Until yesterday. Yesterday I thought to myself, Eh, what the heck, just see. I figured I was right around where I have been for the last five years. I stepped up, the number popped into focus, and I wanted to either punch the wall or cry. I had somehow gained another 7 pounds, turning into my heaviest yet. Don't get me wrong, lucky for me I have it in most of the right places, but still, nobody likes the number, and I also didn't like how tight my pants had been feeling. So I spent the rest of the afternoon wondering what I was going to do about it, and wondering if that was enough to finally get me off my duff.

So I posted on FB when I got home a cry for help. Does the Wii Fit thing really work? Luckily Sara answered, and was even gracious enough to lend me the Wii Fit Active DVD. Chad and I drove over to her place, picked it up, drove home, and popped it in. After getting my Wiime (Wii me? Wiimii?) made, I started with the 30 day challenge. I popped in my measurements, and off I went. Doing a combination of side lunges, running, curls, and other exercises, 20 minutes felt like 3 hours. I sweat, I smelled, I wanted to stop, but I finished it. And it felt great. Now to keep it up.

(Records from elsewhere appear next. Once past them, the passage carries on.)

(* Let $P$ be an optimal EBA decision protocol with respect to $\gamma_{\mathit{fip},n,t}$ and $\mathcal I=\mathcal I_{\gamma_{\mathit{fip},n,t},P}$. If for some agent $i$ and point $(r,m)$ we have $\mathcal I,(r,m)\models \mathit{decided}_i=\bot\wedge K_i\big(C_{\mathcal N}(\mathit{t\text{-}faulty}\wedge\mathit{no\text{-}decided}_{\mathcal N}(1)\wedge\exists 0)\big)$, then every agent $j\in\mathcal N(r)$ that has not decided by time $m$ decides in round $m+1$ of $r$. The same conclusion holds if instead $\mathcal I,(r,m)\models \mathit{decided}_i=\bot\wedge K_i\big(C_{\mathcal N}(\mathit{t\text{-}faulty}\wedge\mathit{no\text{-}decided}_{\mathcal N}(0)\wedge\exists 1)\big)$.
   Context: Agents and runs. There are $n$ agents $\mathit{Agt}=\{1,\ldots,n\}$; time is $m\in\mathbb N$, and round $m+1$ is the step from time $m$ to time $m+1$. A failure pattern is a pair $(\mathcal N,F)$ with $\mathcal N\subseteq\mathit{Agt}$ (the nonfaulty agents) and $F:\mathbb N\times\mathit{Agt}\times\mathit{Agt}\to\{0,1\}$, where $F(m,i,j)=0$ means the message from $i$ to $j$ in round $m+1$ is lost. The sending-omissions failure model $SO(t)$ ($t<n$) is the set of failure patterns with $|\mathit{Agt}\setminus\mathcal N|\le t$ such that $F(m,i,j)=0$ implies $i\notin\mathcal N$. An action protocol $P$ gives each agent $i$ a map $P_i$ from its local states to actions $\{\mathtt{decide}_i(0),\mathtt{decide}_i(1),\mathtt{noop}\}$; a run $r$ is determined by the initial states and failure pattern: at each time $k$ each agent performs $P_i(r_i(k))$, sends its messages, lost messages are replaced by $\bot$, and local states are updated; $\mathcal N(r)$ is the nonfaulty set of $r$. Agent $i$ decides $v$ in round $k$ of $r$ if $P_i(r_i(k-1))=\mathtt{decide}_i(v)$. $\mathcal I,(r,m)\models K_i\varphi$ iff $\varphi$ holds at all points $(r',m')$ of $\mathcal I$ with $r'_i(m')=r_i(m)$; $\bigcirc\varphi$ holds at $(r,m)$ iff $\varphi$ holds at $(r,m+1)$; $\ominus\varphi$ holds at $(r,m)$ iff $m>0$ and $\varphi$ holds at $(r,m-1)$. Full-information context. $\gamma_{\mathit{fip},n,t}$ has $n$ agents and failure model $SO(t)$. Each agent's local state consists of its time $\mathit{time}_i$, its initial preference $\mathit{init}_i\in\{0,1\}$ (arbitrary), and the complete record of all messages it has received (with senders and rounds); it does not contain decision variables. In every round every agent sends its entire current local state to every agent, regardless of its action. Given an action protocol $P$, $\mathcal I_{\gamma_{\mathit{fip},n,t},P}$ is the interpreted system of all its runs, where $\mathit{decided}_i=v$ holds at $(r,m)$ iff $i$ decided $v$ in some round $\le m$ of $r$ ($\mathit{decided}_i=\bot$ if $i$ has not decided), $\mathit{init}_i=v$ is read from the local state, and $i\in\mathcal N$ holds iff $i\in\mathcal N(r)$. $\exists v$ abbreviates $\bigvee_j\mathit{init}_j=v$. $P$ is an EBA decision protocol for $\gamma_{\mathit{fip},n,t}$ if in every run: (Unique Decision) no agent decides $v$ and later $1-v$; (Agreement) no two nonfaulty agents decide different values; (Validity) if a nonfaulty agent decides $v$ then $\mathit{init}_j=v$ for some $j$; (Termination) every nonfaulty agent eventually decides. Runs of $P$ and $P'$ correspond if they have the same initial global state. $P$ dominates $P'$ ($P'\le P$) if for all corresponding runs $r$ of $P$, $r'$ of $P'$, every $i\in\mathcal N(r)$ and time $m$: if $P_i(r_i(m))=\mathtt{decide}_i(v)$ then $P'_i(r'_i(m'))$ is not a decide action for any $m'<m$; $P$ strictly dominates $P'$ if $P'\le P$ and not $P\le P'$; an EBA decision protocol is optimal if no EBA decision protocol strictly dominates it. Common knowledge. $E_{\mathcal N}\varphi$ holds at $(r,m)$ iff $K_j\varphi$ holds at $(r,m)$ for every $j\in\mathcal N(r)$; $C_{\mathcal N}\varphi$ holds iff $E_{\mathcal N}^k\varphi$ holds for every $k\ge1$. $C_{\mathcal N}(\mathit{t\text{-}faulty}\wedge\varphi)$ abbreviates $\bigvee_{A\subseteq\mathit{Agt},\,|A|=t}C_{\mathcal N}\big(\bigwedge_{i\in A}\neg(i\in\mathcal N)\wedge\varphi\big)$, and $C_{\mathcal N}(\mathit{t\text{-}faulty})$ is the case $\varphi=\mathit{true}$. $\mathit{no\text{-}decided}_{\mathcal N}(x)$ abbreviates $\bigwedge_{j\in\mathcal N}\neg(\mathit{decided}_j=x)$. *)

From mathcomp Require Import all_boot.
Set Implicit Arguments.
Unset Strict Implicit.
Unset Printing Implicit Defensive.
(* Let $S \geq 1$ and, for $i = 1,\dots,S$, let $\boldsymbol{M}_i \in \mathbb{R}^{m_i \times m_i}$ be symmetric positive definite, let $\boldsymbol{K}_i \in \mathbb{R}^{m_i \times m_i}$ be symmetric positive semidefinite, and let $\boldsymbol{C}_i \in \mathbb{R}^{p \times m_i}$ be signed Boolean matrices such that the block matrix $[\boldsymbol{C}_1 \ \cdots \ \boldsymbol{C}_S]$ has full row rank $p$. Let $\Delta t > 0$ and $1/2 < \gamma \leq 1$. Suppose that sequences $\boldsymbol{d}_i^{(n)}, \boldsymbol{v}_i^{(n)} \in \mathbb{R}^{m_i}$ ($i=1,\dots,S$) and $\boldsymbol{\lambda}^{(n)} \in \mathbb{R}^p$, $n = 0,1,2,\dots$, satisfy (the $\boldsymbol{d}$-continuity domain decomposition method with zero external forcing): for all $n \geq 0$ and all $i$: $\boldsymbol{M}_i \boldsymbol{v}_i^{(n)} + \boldsymbol{K}_i \boldsymbol{d}_i^{(n)} = \boldsymbol{C}_i^{\mathrm{T}} \boldsymbol{\lambda}^{(n)}$ and $\sum_{i=1}^S \boldsymbol{C}_i \boldsymbol{d}_i^{(n)} = \boldsymbol{0}$; for all $n \geq 1$ and all $i$: $\boldsymbol{d}_i^{(n)} = \boldsymbol{d}_i^{(n-1)} + \Delta t\left((1-\gamma)\boldsymbol{v}_i^{(n-1)} + \gamma \boldsymbol{v}_i^{(n)}\right)$. Then the sequences $(\boldsymbol{d}_i^{(n)})_{n\ge0}$, $(\boldsymbol{v}_i^{(n)})_{n\ge0}$ ($i=1,\dots,S$) and $(\boldsymbol{\lambda}^{(n)})_{n\ge0}$ are all bounded.
   Context: A signed Boolean matrix is a matrix whose entries are in $\{-1,0,+1\}$ and each of whose rows has at most one nonzero entry. A sequence of vectors is bounded if there is a constant $C$ independent of $n$ with $\|\boldsymbol{x}^{(n)}\| < C$ for all $n$ (any norm). The equations model a first-order transient system (e.g. semi-discrete heat conduction) decomposed into $S$ subdomains coupled by Lagrange multipliers $\boldsymbol{\lambda}$, integrated in time with the generalized trapezoidal rule with parameter $\gamma$ and time step $\Delta t$. *)

From HB Require Import structures.
From mathcomp Require Import all_boot all_order all_algebra.
From mathcomp Require Import reals.
Set Implicit Arguments. Unset Strict Implicit. Unset Printing Implicit Defensive.
Import Order.TTheory GRing.Theory Num.Theory.
Local Open Scope ring_scope.

Definition symmetric_mx {R : realType} {n : nat} (A : 'M[R]_n) : Prop := A^T = A.

Definition pos_def {R : realType} {n : nat} (A : 'M[R]_n) : Prop :=
  symmetric_mx A /\ forall x : 'cV[R]_n, x != 0 -> 0 < (x^T *m A *m x) 0 0.

Definition pos_semidef {R : realType} {n : nat} (A : 'M[R]_n) : Prop :=
  symmetric_mx A /\ forall x : 'cV[R]_n, 0 <= (x^T *m A *m x) 0 0.

Definition signed_boolean {R : realType} {p m : nat} (C : 'M[R]_(p, m)) : Prop :=
  (forall r j, C r j = 0 \/ C r j = 1 \/ C r j = -1) /\
  (forall r j1 j2, C r j1 != 0 -> C r j2 != 0 -> j1 = j2).

(* bounded sequence of vectors (max-entry norm; all norms equivalent) *)
Definition bounded_seq {R : realType} {n : nat} (x : nat -> 'cV[R]_n) : Prop :=
  exists c : R, forall k (j : 'I_n), `|x k j 0| < c.

From HB Require Import structures.
From mathcomp Require Import all_boot all_order all_algebra.
From mathcomp Require Import reals.
From mathcomp Require Import ring lra.
Set Implicit Arguments. Unset Strict Implicit. Unset Printing Implicit Defensive.
Import Order.TTheory GRing.Theory Num.Theory.
Local Open Scope ring_scope.

(* Energy method.  With [e_i] the [gamma]-weighted mid-point of [d_i^(n)] and
   [d_i^(n+1)], one time step changes [sum_i d_i^T M_i d_i] by
   [2 dt sum_i e_i^T (C_i^T mu - K_i e_i) - (2 gamma - 1) dt^2 sum_i w_i^T M_i w_i];
   the coupling term vanishes because [sum_i C_i e_i = 0], so for [gamma >= 1/2]
   this energy is nonincreasing and the displacements are bounded.  The scheme is
   linear and autonomous, so the increments [d^(n+1) - d^(n)] are bounded as well,
   and the trapezoidal relation then expresses [v^(n+1)] as a bounded term plus
   [-(1 - gamma)/gamma v^(n)], a contraction for [gamma > 1/2].  Finally
   [C_i^T lambda = M_i v_i + K_i d_i] is bounded, and [lambda] is recovered from it
   through a right inverse of the full-row-rank matrix [[C_1 ... C_S]]. *)

Section BoundedSequences.
Variable R : realFieldType.

Definition bounded_rseq (u : nat -> R) : Prop := exists c, forall n, `|u n| <= c.

Lemma bounded_rseq_ext (u w : nat -> R) :
  (forall n, u n = w n) -> bounded_rseq u -> bounded_rseq w.
Proof. by move=> e [c hc]; exists c => n; rewrite -e. Qed.

Lemma bounded_rseqD (u w : nat -> R) :
  bounded_rseq u -> bounded_rseq w -> bounded_rseq (fun n => u n + w n).
Proof.
move=> [a ha] [b hb]; exists (a + b) => n.
by apply: le_trans (ler_normD _ _) _; apply: lerD.
Qed.

Lemma bounded_rseqZ (k : R) (u : nat -> R) :
  bounded_rseq u -> bounded_rseq (fun n => k * u n).
Proof. by move=> [a ha]; exists (`|k| * a) => n; rewrite normrM ler_wpM2l. Qed.

Lemma bounded_rseq_norm (u : nat -> R) :
  bounded_rseq u -> bounded_rseq (fun n => `|u n|).
Proof. by move=> [c hc]; exists c => n; rewrite normr_id. Qed.

Lemma bounded_rseq_sum (I : Type) (r : seq I) (u : I -> nat -> R) :
  (forall i, bounded_rseq (u i)) -> bounded_rseq (fun n => \sum_(i <- r) u i n).
Proof.
move=> hu; elim: r => [|a r IH]; first by exists 0 => n; rewrite big_nil normr0.
by apply: bounded_rseq_ext (bounded_rseqD (hu a) IH) => n; rewrite big_cons.
Qed.

Lemma bounded_rseq_sqr_le (u : nat -> R) (c : R) :
  (forall n, u n ^+ 2 <= c) -> bounded_rseq u.
Proof.
move=> hu; exists (1 + c) => n.
have c0 : 0 <= c by apply: le_trans (hu n); exact: sqr_ge0.
have [le1|gt1] := leP `|u n| 1; first by apply: le_trans le1 _; rewrite lerDl.
apply: le_trans (_ : u n ^+ 2 <= 1 + c); last by apply: le_trans (hu n) _; rewrite lerDr.
by rewrite -real_normK ?num_real // expr2 ler_peMr // ltW.
Qed.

I also decided that I needed to stop listening to my teeth so much. Most people have one sweet tooth, I have at least seven. And they love all talking at once. But while sweets aren't a bad thing, I'm going to try to limit myself. It's become a habit that I go down to the hospital cafeteria and grab a cruller to supplement my lunch every day...no more. At least, no more than once per week.

I also need to learn that when I'm full, I can stop eating. I have this habit of keeping my hand moving from the plate/bag/cookie jar to my mouth, whether or not I'm paying attention to what I'm eating. We'll see how I do.

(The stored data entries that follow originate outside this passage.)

(* For all pure states $\rho,\omega\in\mathcal{P}_1(\mathbb{C}^2)$ one has $D_{\mathrm{sym}}^2(\rho,\omega)=6-2\langle\mathbf{b}_\rho,\mathbf{b}_\omega\rangle$, $D_{\mathrm{sym}}^2(\rho,\rho)=4$, and consequently $d_{\mathrm{sym}}(\rho,\omega)=|\mathbf{b}_\rho-\mathbf{b}_\omega|$, where $\langle\cdot,\cdot\rangle$ and $|\cdot|$ are the Euclidean inner product and norm on $\mathbb{R}^3$.
   Context: Let $\mathcal{H}=\mathbb{C}^2$, $\mathcal{H}^*$ its dual space. $\mathcal{S}(\mathcal{H})$ is the set of density operators on $\mathcal{H}$; $\mathcal{P}_1(\mathcal{H})$ is the set of pure states (rank-one orthogonal projections). For a linear operator $A$ on $\mathcal{H}$, its transpose $A^T$ is the operator on $\mathcal{H}^*$ defined by $(A^T\varphi)(x)=\varphi(Ax)$. For $\rho,\omega\in\mathcal{S}(\mathcal{H})$, $\mathcal{C}(\rho,\omega)=\{\Pi\in\mathcal{S}(\mathcal{H}\otimes\mathcal{H}^* ):\ \mathrm{tr}_{\mathcal{H}^*}[\Pi]=\omega,\ \mathrm{tr}_{\mathcal{H}}[\Pi]=\rho^T\}$. The Pauli matrices are $\sigma_1=\begin{bmatrix}0&1\\1&0\end{bmatrix}$, $\sigma_2=\begin{bmatrix}0&-i\\i&0\end{bmatrix}$, $\sigma_3=\begin{bmatrix}1&0\\0&-1\end{bmatrix}$. $C_{\mathrm{sym}}=\sum_{j=1}^3(\sigma_j\otimes I^T-I\otimes\sigma_j^T)^2$, $D_{\mathrm{sym}}^2(\rho,\omega)=\inf\{\mathrm{tr}[\Pi C_{\mathrm{sym}}]:\Pi\in\mathcal{C}(\rho,\omega)\}$, and $d_{\mathrm{sym}}(\rho,\omega)=\big(D_{\mathrm{sym}}^2(\rho,\omega)-\tfrac12(D_{\mathrm{sym}}^2(\rho,\rho)+D_{\mathrm{sym}}^2(\omega,\omega))\big)^{1/2}$. The Bloch vector of $\rho$ is $\mathbf{b}_\rho=(\mathrm{tr}[\sigma_j\rho])_{j=1}^3$. *)

From mathcomp Require Import all_boot all_order all_algebra.
From mathcomp Require Import classical_sets reals.
From mathcomp Require Export complex mxtens.
Set Implicit Arguments. Unset Strict Implicit. Unset Printing Implicit Defensive.
Import GRing.Theory Num.Theory.
Local Open Scope ring_scope.
Local Open Scope complex_scope.

Section QDefs.
Variable R : realType.
Local Notation C := R[i].

Definition adj {m n : nat} (A : 'M[C]_(m, n)) : 'M[C]_(n, m) :=
  (map_mx (fun z : C => z^*) A)^T.

Definition psd {n : nat} (A : 'M[C]_n) : Prop :=
  adj A = A /\ forall v : 'cV[C]_n, 0 <= (adj v *m A *m v) 0 0.

Definition density {n : nat} (A : 'M[C]_n) : Prop := psd A /\ \tr A = 1.

Definition pure {n : nat} (P : 'M[C]_n) : Prop :=
  adj P = P /\ P *m P = P /\ \rank P = 1%N.

(* H (x) H^* with H = C^2 is represented as C^(2*2) via the Kronecker
   product [*t]; H^* is identified with C^2 through the dual basis, in which
   the transpose operator A^T has the transposed matrix. *)

Definition ptr2 (P : 'M[C]_(2 * 2)) : 'M[C]_2 :=
  \matrix_(a < 2, b < 2)
    \sum_(k < 2) P (mxtens_index (a, k)) (mxtens_index (b, k)).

I'm blogging right now after finishing Day 2. I'm pretty sure I won't be able to walk tomorrow, I exercised muscles I didn't even know I had, but I'm going to know they exist when they're screaming at me tomorrow. But I don't care. It sucked to do it, but I'm proud of myself for completing it, especially since I didn't let my normal laziness get in the way. Yes, I worked 9 1/2 hours today. I ran to the store before I came home, I took my puppy Lumos for a walk around our apartment community, and I still did the program.

I'm tired. I'm wiped out. I'll get over it. I have a day off tomorrow according to the Wii, and while I'm looking forward to it, I'm kind of looking forward to Friday more, so that I can get into a habit.
And for those of you who are wondering?

210 pounds.

Never again.

I've got a ways to go, but I can do it, though some encouragement from time to time would be appreciated!